Institute for Stroke and Dementia Research, University Hospital, LMU Munich, Munich, Germany.
Department of Neurology, UMC Utrecht Brain Center, University Medical Center Utrecht, Utrecht University, Utrecht, the Netherlands.
Alzheimers Dement. 2020 Nov;16(11):1504-1514. doi: 10.1002/alz.12150. Epub 2020 Aug 18.

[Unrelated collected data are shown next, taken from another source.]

Lemma inES_tau_coinv e (M : lmodType CC) (Z : A -> A -> A -> A -> A -> H -> M) : inES e ->
  (forall r s t x k, lin (fun q => Z q r s t x k)) ->
  (forall q s t x k, lin (fun r => Z q r s t x k)) ->
  (forall q r t x k, lin (fun s => Z q r s t x k)) ->
  (forall q r s x k, lin (fun t => Z q r s t x k)) ->
  (forall q r s t k, lin (fun x => Z q r s t x k)) ->
  (forall q r s t x, lin (fun k => Z q r s t x k)) ->
  \sum_(p <- e) \sum_(q <- delta p.1) \sum_(r <- tau q.2) \sum_(s <- delta p.2) \sum_(t <- tau s.2)
     \sum_(b <- delta (r.2 * t.2)) Z q.1 r.1 s.1 t.1 b.1 b.2 =
  \sum_(p <- e) \sum_(q <- delta p.1) \sum_(r <- tau q.2) \sum_(s <- delta p.2) \sum_(t <- tau s.2)
     Z q.1 r.1 s.1 t.1 (r.2 * t.2) 1.
Proof.
move=> he z1 z2 z3 z4 z5 z6.
transitivity (\sum_(p <- e) \sum_(q <- delta p.1) \sum_(m <- Delta q.2) \sum_(r <- tau m.1)
   \sum_(s <- delta p.2) \sum_(t <- tau s.2) \sum_(b' <- delta t.2)
   Z q.1 r.1 s.1 t.1 (r.2 * b'.1) (m.2 * b'.2)).
  apply: eq_bigr => p _; apply: eq_bigr => q _.
  rewrite -(tau_coaction_r (G := fun x y k => \sum_(s <- delta p.2) \sum_(t <- tau s.2)
     \sum_(b' <- delta t.2) Z q.1 x s.1 t.1 (y * b'.1) (k * b'.2))); last by solve_lin.
  apply: eq_bigr => r _.
  transitivity (\sum_(s <- delta p.2) \sum_(t <- tau s.2) \sum_(b <- delta r.2)
     \sum_(b' <- delta t.2) Z q.1 r.1 s.1 t.1 (b.1 * b'.1) (b.2 * b'.2)).
    apply: eq_bigr => s _; apply: eq_bigr => t _.
    by rewrite (deltaM (g := Z q.1 r.1 s.1 t.1)) //; solve_lin.
  under eq_bigr => s _ do rewrite exchange_big.
  by rewrite exchange_big.
transitivity (\sum_(p <- e) \sum_(q <- delta p.1) \sum_(m <- Delta q.2) \sum_(s <- delta p.2)
   \sum_(o <- Delta s.2) \sum_(r <- tau m.1) \sum_(t <- tau o.1)
   Z q.1 r.1 s.1 t.1 (r.2 * t.2) (m.2 * o.2)).
  apply: eq_bigr => p _; apply: eq_bigr => q _; apply: eq_bigr => m _.
  transitivity (\sum_(r <- tau m.1) \sum_(s <- delta p.2) \sum_(o <- Delta s.2)
     \sum_(t <- tau o.1) Z q.1 r.1 s.1 t.1 (r.2 * t.2) (m.2 * o.2)).
    apply: eq_bigr => r _; apply: eq_bigr => s _.
    by rewrite (tau_coaction_r (G := fun x y k => Z q.1 r.1 s.1 x (r.2 * y) (m.2 * k)))
      //; solve_lin.
  by rewrite exchange_big /=; apply: eq_bigr => s _; rewrite exchange_big.
rewrite (inES_coassoc (Z := fun x k y l h => \sum_(r <- tau k) \sum_(t <- tau l)
   Z x r.1 y t.1 (r.2 * t.2) h)) //; try by move=> *; solve_lin.
by apply: eq_bigr => p _; apply: eq_bigr => q _; rewrite exchange_big.
Qed.

Section Character.
Variables (phi : seq (A * A) -> CC) (F : A -> A).
Hypothesis hphi : is_character delta phi.
Hypothesis hF : Fphi_spec delta tau phi F.

Lemma Fphi_specE x : exists D : seq (seq (A * A) * A),
  [/\ {in D, forall d, inES d.1},
      (forall (M : lmodType CC) (t : A -> A -> A -> M), tril t ->
        \sum_(q <- delta x) \sum_(r <- tau q.2) t q.1 r.1 r.2 =
        \sum_(d <- D) \sum_(p <- d.1) t p.1 p.2 d.2) &
      F x = \sum_(d <- D) phi d.1 *: d.2].
Proof.
have [D [hD hT hFx]] := hF x; exists D; split => // M t ht.
have := hT M t ht; rewrite !big_flatten !big_map /=.
under eq_bigr => q _ do rewrite big_map /=.
move=> ->; apply: eq_bigr => d _; by rewrite big_map.
Qed.
(* Let the alphabet be countable, $\{\varphi_1,\dots,\varphi_n\}$ a finite set of sentences, and $\mu_0:\{\varphi_1,\dots,\varphi_n\}\to[0,1]$ a function. For each $S\subseteq\{1,\dots,n\}$ let $\psi_S:=(\bigwedge_{i\in S}\varphi_i)\wedge(\bigwedge_{j\in\{1,\dots,n\}\setminus S}\neg\varphi_j)$. Then: (a) $\mu_0$ can be extended to a probability on sentences $\mu$ (i.e. $\mu(\varphi_i)=\mu_0(\varphi_i)$ for all $i$) if and only if the following system in the $2^n$ variables $a_S$, $S\subseteq\{1,\dots,n\}$, has a solution: $\sum_{S}a_S=1$; $\sum_{S: i\in S}a_S=\mu_0(\varphi_i)$ for $i=1,\dots,n$; $a_S\ge0$ for all $S$; $a_S=0$ whenever $\psi_S$ has no model. (b) $\mu_0$ can be extended to a Gaifman probability on sentences if and only if the same system, with the last condition replaced by ''$a_S=0$ whenever $\psi_S$ has no separating model'', has a solution.
   Context: Setting: higher-order logic (Church's simple theory of types, without a description operator), with Henkin semantics. Types are generated from $o$ and $\imath$ by $\alpha\to\beta$; an alphabet has variables of each type, equality constants $=_{\alpha\to\alpha\to o}$ and non-logical constants; it is countable if its set of constants is countable. Sentences are closed terms of type $o$; $\mathcal S$ is the set of sentences. An interpretation consists of domains $D_\alpha$ ($D_o=\{\mathsf T,\mathsf F\}$, $D_{\alpha\to\beta}$ a set of functions) and a valuation of constants such that every term has a denotation $V(t,I)$. A sentence is valid if true in every interpretation; a model of a sentence is an interpretation in which it is true. $I$ is separating if for all closed terms $r,s$ of the same function type $\alpha\to\beta$ with $V(r,I)\neq V(s,I)$ there is a closed term $t$ of type $\alpha$ (over the alphabet) with $V((r\,t),I)\neq V((s\,t),I)$; a separating model is a separating interpretation that is a model. A probability on sentences is a non-negative $\mu:\mathcal S\to\mathbb R$ with $\mu(\varphi)=1$ for valid $\varphi$ and $\mu(\varphi\vee\psi)=\mu(\varphi)+\mu(\psi)$ whenever $\neg(\varphi\wedge\psi)$ is valid. $\mu$ is Gaifman if for all closed terms $r,s$ of the same function type $\alpha\to\beta$, $\mu(r=s)=\inf_{\{t_1,\dots,t_n\}}\mu(\bigwedge_{i=1}^n((r\,t_i)=(s\,t_i)))$ over all finite sets of closed terms of type $\alpha$. *)

From HB Require Import structures.
From mathcomp Require Import all_boot all_order all_algebra.
From Stdlib Require Import Reals.
From mathcomp Require Import Rstruct.
Set Implicit Arguments.
Unset Strict Implicit.
Unset Printing Implicit Defensive.
Import Order.TTheory GRing.Theory Num.Theory.
Local Open Scope ring_scope.

Inductive ty : Type := To | Ti | Arr of ty & ty.

(* Besides the equality constants
   TEq a : a -> a -> o and the non-logical constants TCst c, the logical
   connectives ~, /\, \/ are primitive constants with fixed meaning. *)
Inductive var : list ty -> ty -> Type :=
| VZ (G : list ty) (a : ty) : var (a :: G) a
| VS (G : list ty) (a b : ty) : var G a -> var (b :: G) a.

Section Logic.
Variables (C : Type) (ctype : C -> ty).

Inductive tm : list ty -> ty -> Type :=
| TVar (G : list ty) (a : ty) : var G a -> tm G a
| TCst (G : list ty) (c : C) : tm G (ctype c)
| TEq  (G : list ty) (a : ty) : tm G (Arr a (Arr a To))
| TNeg (G : list ty) : tm G (Arr To To)
| TAnd (G : list ty) : tm G (Arr To (Arr To To))
| TOr  (G : list ty) : tm G (Arr To (Arr To To))
| TApp (G : list ty) (a b : ty) : tm G (Arr a b) -> tm G a -> tm G b
| TLam (G : list ty) (a b : ty) : tm (a :: G) b -> tm G (Arr a b).

Definition sentence := tm nil To.
Lemma stratified_deformation_trans K1 K2 K3 (S0 : {set T}) G1 G2 :
  stratified_deformation K1 K2 S0 G1 -> stratified_deformation K2 K3 S0 G2 ->
  stratified_deformation K1 K3 S0 (deformation_concat G1 G2).
Proof.
move=> def1 def2; have [s21 c1 start1 path1 end1 fix1] := def1.
have [s32 c2 start2 path2 end2 fix2] := def2; split.
- exact: fintype.subset_trans s32 s21.
- apply: continuous_compose c2; apply: continuous_pair.
    apply: continuous_compose c1; apply: continuous_pair; first exact: continuous_fst.
    exact: continuous_compose (@continuous_snd _ _) continuous_first_half.
  exact: continuous_compose (@continuous_snd _ _) continuous_second_half.
- by move=> x; rewrite /deformation_concat /= first_half0 second_half0 start1 start2.
- move=> x t Kx t01; rewrite /deformation_concat /=.
  case: (halves_cases t01) => [[-> half1] | [-> half2]].
    by rewrite start2; exact: path1.
  have [K2y sy] := path2 _ _ (end1 x Kx) half2.
  split; first exact: realization_sub s21 _ K2y.
  by rewrite sy (sdef_retraction_singular def1 Kx).
- move=> x Kx; rewrite /deformation_concat /= first_half1 second_half1.
  by apply: end2; apply: end1.
- move=> x K3x; rewrite /deformation_concat /= first_half1 second_half1.
  by rewrite fix1 ?fix2 //; exact: realization_sub s32 _ K3x.
Qed.

End StratifiedDeformation.

Section CollapsePush.
Variable T : finType.
Implicit Types (s p : {set T}).
Local Notation A := (ambient T).

Definition collapse_coef s p : R := #|s|%:R / #|p :\: s|%:R.

Definition collapse_dir s p (v : T) : R :=
  (if v \in s then 1 else 0) - (if v \in p :\: s then collapse_coef s p else 0).

Definition collapse_push s p (v0 : T) (z : A * R) : A :=
  (fun v => z.1 v - z.2 * min_on s v0 z.1 * collapse_dir s p v) : A.

Lemma sum_collapse_dir s p : s \proper p -> \sum_v collapse_dir s p v = 0.
Proof.
move=> sp; rewrite /collapse_dir sumrB -!big_mkcond /= !sumr_const.
have q0 : #|p :\: s|%:R != 0 :> R.
  rewrite pnatr_eq0 -lt0n; case/properP: sp => _ [v vp vs].
  by apply/card_gt0P; exists v; rewrite !inE vs vp.
by rewrite /collapse_coef -mulr_natr !mul1r -[_ / _ *+ _]mulr_natr divfK // subrr.
Qed.

Lemma continuous_collapse_push s p v0 : continuous (collapse_push s p v0).
Proof.
apply: continuous_ambient => v z.
apply: (@continuousB _ R^o _ (fun z : A * R => z.1 v)).
  exact: continuous_compose (@continuous_fst _ _) (@continuous_coord T v) z.
apply: (@continuousM R _ (fun z : A * R => z.2 * min_on s v0 z.1)); last exact: cvg_cst.
apply: (@continuousM R _ snd); first exact: cvg_snd.
exact: continuous_compose (@continuous_fst _ _) (@continuous_min_on T s v0) z.
Qed.

Lemma collapse_push_t0 s p v0 (x : A) : collapse_push s p v0 (x, 0) = x.
Proof. by apply: boolp.funext => v; rewrite /collapse_push /= !mul0r subr0. Qed.

Lemma collapse_push_min0 s p v0 (x : A) t :
  min_on s v0 x = 0 -> collapse_push s p v0 (x, t) = x.
Proof.
by move=> m0; apply: boolp.funext => v; rewrite /collapse_push /= m0 mulr0 mul0r subr0.
Qed.

End CollapsePush.

Definition stratified_pair (T : finType) (S0 s p : {set T}) : Prop :=
  forall w : {set T}, w \subset p -> (s \subset w) || (p :\: s \subset w) ->
    (w \subset S0) = (p \subset S0).

Section ElementaryCollapse.
Variable T : finType.
Variables (K : {set {set T}}) (S0 s p : {set T}) (v0 : T).
Local Notation A := (ambient T).
Local Notation h := (collapse_push s p v0).
Local Notation m := (min_on s v0).

Hypotheses (cK : simplicial_complex K) (fsp : free_face K s p).
Hypotheses (sS0 : stratified_pair S0 s p) (sv0 : v0 \in s).

Let sp : s \proper p. Proof. by case: fsp => _ [_ []]. Qed.
Let pK : p \in K. Proof. by case: fsp => _ [[]]. Qed.
Let opposite_face : exists v, v \in p :\: s.
Proof. by case/properP: sp => _ [v vp vs]; exists v; rewrite !inE vs vp. Qed.

Lemma free_face_cofaces u : u \in K -> s \subset u -> u = s \/ u = p.
Proof.
move=> uK su; case: (eqVneq u s) => [->|us]; [by left | right].
case: fsp => _ [_ [_ coface]]; apply: coface => //.
by rewrite /proper_face finset.properEneq eq_sym us.
Qed.

Lemma collapse_push_off_star (x : A) t :
  (forall v, 0 <= x v) -> ~~ (s \subset supp x) -> h (x, t) = x.
Proof. by move=> x0 sx; rewrite collapse_push_min0 // min_on_eq0. Qed.

Lemma collapse_coef_gt0 : 0 < collapse_coef s p.
Proof.
rewrite divr_gt0 // ltr0n; apply/card_gt0P; first by exists v0.
by have [v vq] := opposite_face; exists v.
Qed.

Lemma collapse_dir_in v : v \in s -> collapse_dir s p v = 1.
Proof. by move=> vs; rewrite /collapse_dir vs !inE vs subr0. Qed.

Lemma collapse_dir_opp v : v \in p :\: s -> collapse_dir s p v = - collapse_coef s p.
Proof.
move=> vq; move: (vq); rewrite !inE => /andP[/negbTE vs _].
by rewrite /collapse_dir vs vq sub0r.
Qed.

Lemma collapse_dir_out v : v \notin p -> collapse_dir s p v = 0.
Proof.
move=> vp; have vs : v \notin s by apply: contra vp; exact: (fintype.subsetP (proper_sub sp)).
by rewrite /collapse_dir (negbTE vs) !inE (negbTE vp) andbF subrr.
Qed.

Lemma sum_collapse_push (x : A) t : \sum_v h (x, t) v = \sum_v x v.
Proof. by rewrite /collapse_push /= sumrB -mulr_sumr sum_collapse_dir // mulr0 subr0. Qed.

Lemma collapse_push_supp (x : A) t : realization K x -> s \subset supp x -> 0 < t <= 1 ->
  [/\ forall v, 0 <= h (x, t) v, supp (h (x, t)) \subset p & p :\: s \subset supp (h (x, t))].
Proof.
move=> [x0 [_ xK]] sx /andP[t0 t1].
have m0 : 0 < m x by rewrite min_on_gt0.
have xp : supp x \subset p.
  by case: (free_face_cofaces (u := supp x) xK sx) => ->; [exact: proper_sub | exact: subxx].
have c0 := collapse_coef_gt0.
split.
- move=> v; rewrite /collapse_push /=; case: (boolP (v \in s)) => vs.
    rewrite collapse_dir_in // mulr1; have := min_on_le v0 x vs.
    have : 0 <= (1 - t) * m x by apply: mulr_ge0; lra.
    lra.
  case: (boolP (v \in p :\: s)) => vq.
    rewrite collapse_dir_opp //; have := x0 v.
    have := mulr_gt0 (mulr_gt0 t0 m0) c0.
    lra.
  by rewrite collapse_dir_out ?mulr0 ?subr0 //; move: vq; rewrite !inE vs.
- apply/fintype.subsetP => v; rewrite inE; apply: contraR => vp.
  rewrite /collapse_push /= collapse_dir_out // mulr0 subr0.
  by apply: contraNT vp => xv; apply: (fintype.subsetP xp); rewrite inE.
- apply/fintype.subsetP => v vq; rewrite inE /collapse_push /= collapse_dir_opp //.
  have := x0 v; have := mulr_gt0 (mulr_gt0 t0 m0) c0.
  by move=> ? ?; rewrite gt_eqF //; lra.
Qed.

Lemma collapse_push_path (x : A) t : realization K x -> 0 <= t <= 1 ->
  realization K (h (x, t)) /\ singular S0 (h (x, t)) = singular S0 x.
Proof.
move=> Kx /andP[t0 t1]; have [x0 [_ xK]] := Kx.
have [sx|sx] := boolP (s \subset supp x); last by rewrite collapse_push_off_star.
have [->|t_gt0] := eqVneq t 0; first by rewrite collapse_push_t0.
have t01 : 0 < t <= 1 by rewrite lt_def t_gt0 t0.
have [y0 yp qy] := collapse_push_supp Kx sx t01.
have [v vq] := opposite_face.
have yK : supp (h (x, t)) \in K.
  case: cK => _ /(_ p _ pK) -> //; apply/finset.set0Pn; exists v.
  exact: (fintype.subsetP qy).
have xp : supp x \subset p.
  by case: (free_face_cofaces (u := supp x) xK sx) => ->; [exact: proper_sub | exact: subxx].
split; first by split=> //; split=> //; rewrite sum_collapse_push; case: Kx => _ [].
by rewrite /singular (sS0 yp) ?qy ?orbT // (sS0 xp) ?sx.
Qed.

Lemma collapse_push_end (x : A) : realization K x -> realization (K :\: [set s; p]) (h (x, 1)).
Proof.
move=> Kx.
have [[y0 [y1 yK]] _] := collapse_push_path Kx (t := 1) (ltac:(by rewrite ler01 lexx)).
split=> //; split=> //; rewrite !inE yK andbT negb_or.
change ((supp (h (x, 1)) != s) && (supp (h (x, 1)) != p)).
have [x0 _] := Kx.
have [sx|sx] := boolP (s \subset supp x); last first.
  rewrite collapse_push_off_star //.
  by apply/andP; split; apply: contraNneq sx => ->; [exact: subxx | exact: proper_sub].
have [_ _ qy] := collapse_push_supp Kx sx (t := 1) (ltac:(by rewrite ltr01 lexx)).
have [v vq] := opposite_face; have [w ws xw] := min_on_attained x sv0.
apply/andP; split; apply/negP => /eqP ys.
  by move: vq (fintype.subsetP qy v vq); rewrite ys !inE => /andP[/negbTE ->].
have : w \in supp (h (x, 1)) by rewrite ys; exact: (fintype.subsetP (proper_sub sp)).
by rewrite inE /collapse_push /= collapse_dir_in // mul1r mulr1 -xw subrr eqxx.
Qed.

Lemma collapse_push_fix (x : A) : realization (K :\: [set s; p]) x -> h (x, 1) = x.
Proof.
move=> [x0 [_]]; rewrite !inE negb_or => /andP[/andP[xs xp] xK].
apply: collapse_push_off_star => //; apply/negP => sx.
have := free_face_cofaces (u := supp x) xK sx.
by rewrite /supp => -[xE|xE]; rewrite xE eqxx in xs xp.
Qed.

End ElementaryCollapse.

Lemma collapse_stratified_deformation (T : finType) (K : {set {set T}}) (S0 s p : {set T}) :
  simplicial_complex K -> free_face K s p -> stratified_pair S0 s p ->
  exists G, stratified_deformation K (K :\: [set s; p]) S0 G.
Proof.
move=> cK fsp sS0; have [sK _] := fsp.
have /finset.set0Pn [v0 sv0] := cK.1 s sK.
exists (collapse_push s p v0); split.
- exact: finset.subsetDl.
- exact: continuous_collapse_push.
- exact: collapse_push_t0.
- by move=> x t; exact: (collapse_push_path cK fsp sS0 sv0).
- exact: (collapse_push_end cK fsp sS0 sv0).
- exact: (collapse_push_fix fsp sv0).
Qed.

Section LayeredCollapse.
Variable T : finType.
Implicit Types (K : {set {set T}}) (s p w : {set T}).

Lemma simplicial_complex_collapse K s p :
  simplicial_complex K -> free_face K s p -> simplicial_complex (K :\: [set s; p]).
Proof.
move=> [ne fc] [_ [[pK pmax] [_ coface]]]; split.
  by move=> sg; rewrite !inE => /andP[_]; exact: ne.
move=> sg w; rewrite !inE negb_or => /andP[/andP[sgs sgp] sgK] w0 wsg.
rewrite (fc _ _ sgK w0 wsg) andbT; apply/negP => /orP[] /eqP wE; subst w.
  by move: sgp; rewrite (coface _ sgK) ?eqxx // /proper_face finset.properEneq eq_sym sgs.
by move: (pmax _ sgK); rewrite /proper_face finset.properEneq eq_sym sgp wsg.
Qed.

Lemma stratified_pair_singular (S0 s p : {set T}) : p \subset S0 -> stratified_pair S0 s p.
Proof. by move=> pS0 w wp _; rewrite pS0 (fintype.subset_trans wp pS0). Qed.

Lemma stratified_pair_faces_nonempty s p w : s != finset.set0 -> s \proper p ->
  (s \subset w) || (p :\: s \subset w) -> w != finset.set0.
Proof.
move=> s0 sp /orP[] sub; apply/negP => /eqP w0; move: sub; rewrite w0 finset.subset0.
  by apply/negP.
by rewrite finset.setD_eq0 => ps; move: sp; rewrite fintype.properE ps andbF.
Qed.

Lemma regular_not_singular (S0 w : {set T}) :
  w != finset.set0 -> w \subset ~: S0 -> ~~ (w \subset S0).
Proof.
move=> /finset.set0Pn [v vw] wS0; apply/negP => wS0'.
by move: (fintype.subsetP wS0 v vw); rewrite inE (fintype.subsetP wS0' v vw).
Qed.

Lemma stratified_pair_regular (S0 s p : {set T}) :
  s != finset.set0 -> s \proper p -> p \subset ~: S0 -> stratified_pair S0 s p.
Proof.
move=> s0 sp pS0.
have regular w : w \subset p -> (s \subset w) || (p :\: s \subset w) -> (w \subset S0) = false.
  move=> wp sw; apply/negbTE/regular_not_singular; last exact: fintype.subset_trans wp pS0.
  exact: stratified_pair_faces_nonempty s0 sp sw.
by move=> w wp sw; rewrite !regular // proper_sub.
Qed.

Lemma stratified_pair_intermediate K (S0 s p : {set T}) :
  simplicial_complex K -> free_face K s p -> ~~ (p \subset S0) ->
  (forall w, w \in K -> w \subset S0 -> w \proper p -> w \proper s) ->
  stratified_pair S0 s p.
Proof.
move=> [ne fc] [sK [[pK _] [sp _]]] pS0 below_s w wp sw.
rewrite (negbTE pS0); apply/negbTE/negP => wS0.
have wK : w \in K := fc _ _ pK (stratified_pair_faces_nonempty (ne _ sK) sp sw) wp.
have wpp : w \proper p by rewrite finset.properEneq wp andbT; apply: contraNneq pS0 => <-.
have /fintype.properP [ws [v sv wv]] := below_s _ wK wS0 wpp.
case/orP: sw => [sw|qw]; first by move: wv; rewrite (fintype.subsetP sw).
have /fintype.properP [_ [u up us]] := sp.
have : u \in s by apply: (fintype.subsetP ws); apply: (fintype.subsetP qw); rewrite !inE us up.
by rewrite (negbTE us).
Qed.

Microstructural alterations as assessed by diffusion tensor imaging (DTI) are key findings in both Alzheimer's disease (AD) and small vessel disease (SVD). We determined the contribution of each of these conditions to diffusion alterations.
We studied six samples (N = 365 participants) covering the spectrum of AD and SVD, including genetically defined samples. We calculated diffusion measures from DTI and free water imaging. Simple linear, multivariable random forest, and voxel-based regressions were used to evaluate associations between AD biomarkers (amyloid beta, tau), SVD imaging markers, and diffusion measures.
SVD markers were strongly associated with diffusion measures and showed a higher contribution than AD biomarkers in multivariable analysis across all memory clinic samples. Voxel-wise analyses between tau and diffusion measures were not significant.
In memory clinic patients, the effect of SVD on diffusion alterations largely exceeds the effect of AD, supporting the value of diffusion measures as markers of SVD.
通过弥散张量成像(DTI)评估的微观结构改变是阿尔茨海默病(AD)和小血管疾病(SVD)的重要发现。我们确定了这些情况中的每一种对弥散改变的贡献。
我们研究了六个样本(N=365 名参与者),涵盖了 AD 和 SVD 的范围,包括基因定义的样本。我们从 DTI 和游离水成像中计算了弥散指标。简单线性、多变量随机森林和体素回归用于评估 AD 生物标志物(β淀粉样蛋白、tau)、SVD 成像标志物与弥散指标之间的关联。
SVD 标志物与弥散指标密切相关,在所有记忆诊所样本的多变量分析中,其贡献高于 AD 生物标志物。tau 与弥散指标之间的体素分析不显著。
在记忆诊所患者中,SVD 对弥散改变的影响远远超过 AD,支持弥散指标作为 SVD 标志物的价值。